╭─ Study material
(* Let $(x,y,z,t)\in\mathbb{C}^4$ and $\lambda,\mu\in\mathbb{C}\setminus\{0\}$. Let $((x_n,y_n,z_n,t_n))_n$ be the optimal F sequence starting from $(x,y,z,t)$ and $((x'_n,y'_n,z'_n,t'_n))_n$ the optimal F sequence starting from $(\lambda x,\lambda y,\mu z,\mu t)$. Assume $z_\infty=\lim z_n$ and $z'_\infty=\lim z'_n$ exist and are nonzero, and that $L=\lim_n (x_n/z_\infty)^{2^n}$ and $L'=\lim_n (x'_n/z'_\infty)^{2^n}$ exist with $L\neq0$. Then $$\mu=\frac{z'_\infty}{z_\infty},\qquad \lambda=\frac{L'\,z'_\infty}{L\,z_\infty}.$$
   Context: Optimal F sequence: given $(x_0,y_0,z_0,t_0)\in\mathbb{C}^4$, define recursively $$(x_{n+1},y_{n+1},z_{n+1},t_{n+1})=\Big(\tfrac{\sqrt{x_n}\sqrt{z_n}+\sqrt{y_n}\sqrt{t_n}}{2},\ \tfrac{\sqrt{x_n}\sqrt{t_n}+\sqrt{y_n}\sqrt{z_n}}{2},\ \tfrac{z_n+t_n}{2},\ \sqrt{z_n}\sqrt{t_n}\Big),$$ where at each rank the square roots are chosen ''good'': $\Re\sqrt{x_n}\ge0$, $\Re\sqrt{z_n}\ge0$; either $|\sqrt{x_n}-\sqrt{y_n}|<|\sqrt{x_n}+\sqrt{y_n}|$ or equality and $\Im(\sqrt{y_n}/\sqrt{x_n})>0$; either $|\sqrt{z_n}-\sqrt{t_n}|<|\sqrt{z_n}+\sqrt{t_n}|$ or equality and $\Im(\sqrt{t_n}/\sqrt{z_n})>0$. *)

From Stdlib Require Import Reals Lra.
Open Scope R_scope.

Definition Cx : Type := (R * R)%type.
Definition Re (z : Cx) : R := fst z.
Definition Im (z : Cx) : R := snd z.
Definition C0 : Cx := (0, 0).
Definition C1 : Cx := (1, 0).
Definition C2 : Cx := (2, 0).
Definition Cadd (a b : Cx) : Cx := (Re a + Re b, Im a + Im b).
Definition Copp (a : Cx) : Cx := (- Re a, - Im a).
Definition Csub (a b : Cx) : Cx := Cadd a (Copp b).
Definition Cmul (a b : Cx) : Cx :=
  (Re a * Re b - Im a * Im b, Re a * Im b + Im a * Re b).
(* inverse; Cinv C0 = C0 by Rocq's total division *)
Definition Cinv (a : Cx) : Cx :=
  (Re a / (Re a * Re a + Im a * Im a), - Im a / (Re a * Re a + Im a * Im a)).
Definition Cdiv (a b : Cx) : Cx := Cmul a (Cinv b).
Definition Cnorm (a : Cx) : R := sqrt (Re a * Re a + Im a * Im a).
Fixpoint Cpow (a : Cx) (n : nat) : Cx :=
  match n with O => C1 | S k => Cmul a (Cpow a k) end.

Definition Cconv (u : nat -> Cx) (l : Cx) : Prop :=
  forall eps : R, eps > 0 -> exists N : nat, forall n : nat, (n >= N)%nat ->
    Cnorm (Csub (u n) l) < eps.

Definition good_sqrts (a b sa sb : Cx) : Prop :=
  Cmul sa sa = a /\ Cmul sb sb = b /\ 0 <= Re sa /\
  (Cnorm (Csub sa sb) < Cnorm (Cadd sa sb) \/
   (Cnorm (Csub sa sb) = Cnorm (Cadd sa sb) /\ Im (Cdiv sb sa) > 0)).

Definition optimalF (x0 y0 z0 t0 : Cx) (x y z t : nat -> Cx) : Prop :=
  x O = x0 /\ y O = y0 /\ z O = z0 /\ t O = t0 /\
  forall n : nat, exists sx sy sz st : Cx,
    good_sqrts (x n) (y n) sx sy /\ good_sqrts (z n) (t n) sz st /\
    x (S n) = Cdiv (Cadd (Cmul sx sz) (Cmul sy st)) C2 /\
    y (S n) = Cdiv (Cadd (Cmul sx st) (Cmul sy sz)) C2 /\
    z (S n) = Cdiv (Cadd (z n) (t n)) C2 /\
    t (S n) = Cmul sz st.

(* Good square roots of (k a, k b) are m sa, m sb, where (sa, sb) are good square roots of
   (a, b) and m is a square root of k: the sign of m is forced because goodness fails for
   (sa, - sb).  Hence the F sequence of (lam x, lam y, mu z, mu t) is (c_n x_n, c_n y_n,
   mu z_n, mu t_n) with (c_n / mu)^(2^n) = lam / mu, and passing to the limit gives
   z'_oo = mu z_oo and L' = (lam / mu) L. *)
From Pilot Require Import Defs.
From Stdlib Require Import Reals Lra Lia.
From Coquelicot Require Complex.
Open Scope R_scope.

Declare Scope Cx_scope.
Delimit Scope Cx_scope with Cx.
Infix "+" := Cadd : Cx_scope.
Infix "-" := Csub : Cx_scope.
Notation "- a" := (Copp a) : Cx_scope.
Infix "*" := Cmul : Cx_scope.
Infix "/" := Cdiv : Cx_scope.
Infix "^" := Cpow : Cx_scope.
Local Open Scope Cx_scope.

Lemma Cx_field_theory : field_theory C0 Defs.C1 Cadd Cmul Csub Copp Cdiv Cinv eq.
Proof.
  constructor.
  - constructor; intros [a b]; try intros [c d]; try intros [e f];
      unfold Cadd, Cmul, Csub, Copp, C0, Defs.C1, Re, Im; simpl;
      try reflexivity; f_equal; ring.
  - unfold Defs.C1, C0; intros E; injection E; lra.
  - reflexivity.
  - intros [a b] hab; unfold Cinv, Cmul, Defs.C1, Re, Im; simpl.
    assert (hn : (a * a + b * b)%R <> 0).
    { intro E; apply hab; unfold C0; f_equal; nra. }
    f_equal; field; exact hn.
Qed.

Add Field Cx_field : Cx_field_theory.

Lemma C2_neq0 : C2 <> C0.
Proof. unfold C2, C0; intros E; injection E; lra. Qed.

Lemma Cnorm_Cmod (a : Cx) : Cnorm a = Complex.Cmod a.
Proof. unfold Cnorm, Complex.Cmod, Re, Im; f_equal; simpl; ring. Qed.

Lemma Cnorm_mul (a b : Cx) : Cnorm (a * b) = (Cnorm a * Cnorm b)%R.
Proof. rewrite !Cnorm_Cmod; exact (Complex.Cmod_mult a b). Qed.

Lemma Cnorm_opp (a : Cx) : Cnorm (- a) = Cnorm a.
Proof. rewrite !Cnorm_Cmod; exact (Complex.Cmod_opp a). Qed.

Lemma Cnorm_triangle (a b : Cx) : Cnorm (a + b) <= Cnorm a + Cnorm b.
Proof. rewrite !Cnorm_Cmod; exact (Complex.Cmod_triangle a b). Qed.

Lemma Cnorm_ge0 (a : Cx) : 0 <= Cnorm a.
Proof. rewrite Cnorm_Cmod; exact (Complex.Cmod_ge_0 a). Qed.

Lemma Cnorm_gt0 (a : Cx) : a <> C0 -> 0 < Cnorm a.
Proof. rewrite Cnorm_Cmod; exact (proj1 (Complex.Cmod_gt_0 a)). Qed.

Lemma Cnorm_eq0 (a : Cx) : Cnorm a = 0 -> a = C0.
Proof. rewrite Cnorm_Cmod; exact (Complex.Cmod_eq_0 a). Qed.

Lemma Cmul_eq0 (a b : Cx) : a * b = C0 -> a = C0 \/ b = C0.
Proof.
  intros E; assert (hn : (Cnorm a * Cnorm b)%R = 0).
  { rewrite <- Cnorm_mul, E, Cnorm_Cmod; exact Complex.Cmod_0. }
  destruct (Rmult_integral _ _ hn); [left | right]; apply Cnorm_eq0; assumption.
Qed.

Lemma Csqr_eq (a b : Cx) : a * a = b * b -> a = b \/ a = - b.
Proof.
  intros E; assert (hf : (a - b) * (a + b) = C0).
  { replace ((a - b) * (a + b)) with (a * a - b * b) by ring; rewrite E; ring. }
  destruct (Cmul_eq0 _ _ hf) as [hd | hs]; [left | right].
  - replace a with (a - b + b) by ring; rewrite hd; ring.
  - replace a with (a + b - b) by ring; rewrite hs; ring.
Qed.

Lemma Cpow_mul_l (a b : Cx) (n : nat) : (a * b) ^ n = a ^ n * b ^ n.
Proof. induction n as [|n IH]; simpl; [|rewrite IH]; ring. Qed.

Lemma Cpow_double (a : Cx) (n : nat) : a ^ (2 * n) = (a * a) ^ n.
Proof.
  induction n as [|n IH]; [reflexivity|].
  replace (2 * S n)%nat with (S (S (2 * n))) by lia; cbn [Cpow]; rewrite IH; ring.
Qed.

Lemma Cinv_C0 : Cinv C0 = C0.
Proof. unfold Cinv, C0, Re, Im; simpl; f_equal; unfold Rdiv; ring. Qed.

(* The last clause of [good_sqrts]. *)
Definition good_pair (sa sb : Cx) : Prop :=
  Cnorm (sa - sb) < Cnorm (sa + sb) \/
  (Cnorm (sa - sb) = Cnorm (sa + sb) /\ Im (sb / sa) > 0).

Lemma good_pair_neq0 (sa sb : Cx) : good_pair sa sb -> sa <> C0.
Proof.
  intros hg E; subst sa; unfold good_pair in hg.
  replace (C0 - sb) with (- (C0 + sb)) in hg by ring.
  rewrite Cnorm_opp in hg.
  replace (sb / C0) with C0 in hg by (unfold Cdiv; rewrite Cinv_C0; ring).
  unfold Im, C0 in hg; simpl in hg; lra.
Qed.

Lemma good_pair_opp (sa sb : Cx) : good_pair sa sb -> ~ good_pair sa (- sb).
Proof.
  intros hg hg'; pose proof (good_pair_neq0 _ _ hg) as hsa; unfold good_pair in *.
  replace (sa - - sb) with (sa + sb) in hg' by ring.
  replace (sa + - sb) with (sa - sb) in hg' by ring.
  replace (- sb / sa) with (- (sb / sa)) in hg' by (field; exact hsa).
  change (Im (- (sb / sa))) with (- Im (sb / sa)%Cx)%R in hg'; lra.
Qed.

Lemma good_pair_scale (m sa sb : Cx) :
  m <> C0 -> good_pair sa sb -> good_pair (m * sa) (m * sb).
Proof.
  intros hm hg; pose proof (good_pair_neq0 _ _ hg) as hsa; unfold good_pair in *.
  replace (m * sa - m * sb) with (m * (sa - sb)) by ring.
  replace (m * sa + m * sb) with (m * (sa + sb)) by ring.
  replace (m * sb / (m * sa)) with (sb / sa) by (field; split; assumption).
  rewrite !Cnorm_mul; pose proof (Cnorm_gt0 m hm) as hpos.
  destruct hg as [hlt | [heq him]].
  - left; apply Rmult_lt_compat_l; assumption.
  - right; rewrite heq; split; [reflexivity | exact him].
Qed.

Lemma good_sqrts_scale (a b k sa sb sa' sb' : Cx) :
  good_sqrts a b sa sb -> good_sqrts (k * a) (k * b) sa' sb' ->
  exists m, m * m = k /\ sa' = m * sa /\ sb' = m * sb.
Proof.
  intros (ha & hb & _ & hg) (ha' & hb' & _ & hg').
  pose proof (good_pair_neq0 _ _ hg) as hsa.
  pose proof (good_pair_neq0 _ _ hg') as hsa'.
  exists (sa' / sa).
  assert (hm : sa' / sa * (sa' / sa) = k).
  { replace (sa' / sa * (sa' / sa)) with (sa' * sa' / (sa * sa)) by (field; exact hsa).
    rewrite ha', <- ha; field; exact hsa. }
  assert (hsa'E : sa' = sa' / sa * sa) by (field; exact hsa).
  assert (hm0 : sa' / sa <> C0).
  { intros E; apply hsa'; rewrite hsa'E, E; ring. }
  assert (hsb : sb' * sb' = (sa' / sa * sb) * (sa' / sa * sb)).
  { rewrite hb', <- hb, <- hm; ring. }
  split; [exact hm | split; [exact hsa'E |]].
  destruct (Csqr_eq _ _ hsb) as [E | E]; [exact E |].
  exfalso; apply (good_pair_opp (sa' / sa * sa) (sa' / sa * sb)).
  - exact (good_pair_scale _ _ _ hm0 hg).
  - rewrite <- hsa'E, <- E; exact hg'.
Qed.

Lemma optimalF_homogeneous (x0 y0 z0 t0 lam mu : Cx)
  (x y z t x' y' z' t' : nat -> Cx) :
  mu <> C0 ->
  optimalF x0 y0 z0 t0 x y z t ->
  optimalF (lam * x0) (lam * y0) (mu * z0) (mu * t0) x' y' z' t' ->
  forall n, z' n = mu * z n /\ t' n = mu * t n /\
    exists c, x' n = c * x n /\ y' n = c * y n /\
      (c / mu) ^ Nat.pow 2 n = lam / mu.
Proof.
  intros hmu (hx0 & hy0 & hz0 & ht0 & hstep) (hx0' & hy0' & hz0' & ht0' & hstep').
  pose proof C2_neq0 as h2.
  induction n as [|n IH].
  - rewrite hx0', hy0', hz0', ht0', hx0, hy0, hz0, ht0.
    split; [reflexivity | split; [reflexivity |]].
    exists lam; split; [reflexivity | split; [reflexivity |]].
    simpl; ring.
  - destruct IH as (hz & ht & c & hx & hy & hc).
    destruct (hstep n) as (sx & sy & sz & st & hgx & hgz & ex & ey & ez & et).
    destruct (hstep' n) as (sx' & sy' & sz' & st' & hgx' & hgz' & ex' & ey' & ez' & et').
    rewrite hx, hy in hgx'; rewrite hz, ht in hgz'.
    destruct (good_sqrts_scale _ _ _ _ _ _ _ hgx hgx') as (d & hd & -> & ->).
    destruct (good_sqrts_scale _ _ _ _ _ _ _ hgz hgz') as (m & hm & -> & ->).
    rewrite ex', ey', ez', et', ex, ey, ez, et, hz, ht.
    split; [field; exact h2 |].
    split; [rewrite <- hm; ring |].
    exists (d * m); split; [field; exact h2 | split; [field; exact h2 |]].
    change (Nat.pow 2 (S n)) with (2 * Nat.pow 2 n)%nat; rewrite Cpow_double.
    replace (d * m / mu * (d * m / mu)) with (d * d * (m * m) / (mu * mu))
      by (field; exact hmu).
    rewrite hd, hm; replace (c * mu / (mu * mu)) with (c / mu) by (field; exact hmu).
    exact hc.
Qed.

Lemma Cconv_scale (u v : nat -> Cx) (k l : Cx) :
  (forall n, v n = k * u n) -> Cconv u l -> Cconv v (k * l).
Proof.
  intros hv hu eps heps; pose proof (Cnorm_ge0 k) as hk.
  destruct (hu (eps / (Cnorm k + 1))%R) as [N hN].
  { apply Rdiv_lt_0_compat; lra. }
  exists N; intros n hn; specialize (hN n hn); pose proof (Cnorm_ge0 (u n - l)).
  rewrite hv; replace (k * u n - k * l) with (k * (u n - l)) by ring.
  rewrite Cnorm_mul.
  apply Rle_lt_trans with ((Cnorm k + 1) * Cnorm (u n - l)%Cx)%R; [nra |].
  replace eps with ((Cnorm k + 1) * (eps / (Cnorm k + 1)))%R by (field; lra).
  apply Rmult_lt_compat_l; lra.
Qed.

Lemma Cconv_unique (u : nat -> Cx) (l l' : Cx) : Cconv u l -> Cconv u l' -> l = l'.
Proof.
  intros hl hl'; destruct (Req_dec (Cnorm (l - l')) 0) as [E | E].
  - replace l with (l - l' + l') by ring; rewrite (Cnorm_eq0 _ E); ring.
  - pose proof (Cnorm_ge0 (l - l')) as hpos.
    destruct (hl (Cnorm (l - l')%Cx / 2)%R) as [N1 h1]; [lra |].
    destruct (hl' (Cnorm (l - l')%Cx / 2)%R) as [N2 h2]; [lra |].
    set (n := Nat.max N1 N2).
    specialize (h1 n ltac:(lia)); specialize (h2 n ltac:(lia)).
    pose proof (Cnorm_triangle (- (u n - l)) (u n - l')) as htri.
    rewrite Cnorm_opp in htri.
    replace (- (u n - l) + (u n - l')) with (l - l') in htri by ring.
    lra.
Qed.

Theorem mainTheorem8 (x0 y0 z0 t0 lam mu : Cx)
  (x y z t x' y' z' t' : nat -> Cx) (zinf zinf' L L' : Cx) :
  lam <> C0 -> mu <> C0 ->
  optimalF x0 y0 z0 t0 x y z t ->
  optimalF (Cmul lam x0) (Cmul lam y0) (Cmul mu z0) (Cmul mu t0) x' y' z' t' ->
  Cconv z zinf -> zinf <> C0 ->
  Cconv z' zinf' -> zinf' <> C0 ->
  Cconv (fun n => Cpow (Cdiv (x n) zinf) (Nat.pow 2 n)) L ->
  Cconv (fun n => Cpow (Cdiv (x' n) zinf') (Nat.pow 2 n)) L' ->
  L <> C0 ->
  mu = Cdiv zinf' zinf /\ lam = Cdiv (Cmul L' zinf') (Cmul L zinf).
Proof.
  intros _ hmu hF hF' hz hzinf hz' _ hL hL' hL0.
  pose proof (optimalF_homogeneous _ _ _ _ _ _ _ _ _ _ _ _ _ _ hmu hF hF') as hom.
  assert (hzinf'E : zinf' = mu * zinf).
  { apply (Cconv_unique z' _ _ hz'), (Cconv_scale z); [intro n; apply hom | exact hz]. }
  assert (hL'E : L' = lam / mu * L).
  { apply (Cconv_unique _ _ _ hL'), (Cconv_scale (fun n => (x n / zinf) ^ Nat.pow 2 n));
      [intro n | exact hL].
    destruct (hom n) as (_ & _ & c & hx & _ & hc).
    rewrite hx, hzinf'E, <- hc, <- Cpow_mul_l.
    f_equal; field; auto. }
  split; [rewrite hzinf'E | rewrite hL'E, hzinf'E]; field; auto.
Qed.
╰─
__Description of the task__
What you return must be an exact retyping of the lines above starting at the line with "replace (m * sb" and ending at the line with "assert (hm0 : sa' / sa <> C0).", and nothing besides.

__Task result__
  replace (m * sb / (m * sa)) with (sb / sa) by (field; split; assumption).
  rewrite !Cnorm_mul; pose proof (Cnorm_gt0 m hm) as hpos.
  destruct hg as [hlt | [heq him]].
  - left; apply Rmult_lt_compat_l; assumption.
  - right; rewrite heq; split; [reflexivity | exact him].
Qed.

Lemma good_sqrts_scale (a b k sa sb sa' sb' : Cx) :
  good_sqrts a b sa sb -> good_sqrts (k * a) (k * b) sa' sb' ->
  exists m, m * m = k /\ sa' = m * sa /\ sb' = m * sb.
Proof.
  intros (ha & hb & _ & hg) (ha' & hb' & _ & hg').
  pose proof (good_pair_neq0 _ _ hg) as hsa.
  pose proof (good_pair_neq0 _ _ hg') as hsa'.
  exists (sa' / sa).
  assert (hm : sa' / sa * (sa' / sa) = k).
  { replace (sa' / sa * (sa' / sa)) with (sa' * sa' / (sa * sa)) by (field; exact hsa).
    rewrite ha', <- ha; field; exact hsa. }
  assert (hsa'E : sa' = sa' / sa * sa) by (field; exact hsa).
  assert (hm0 : sa' / sa <> C0).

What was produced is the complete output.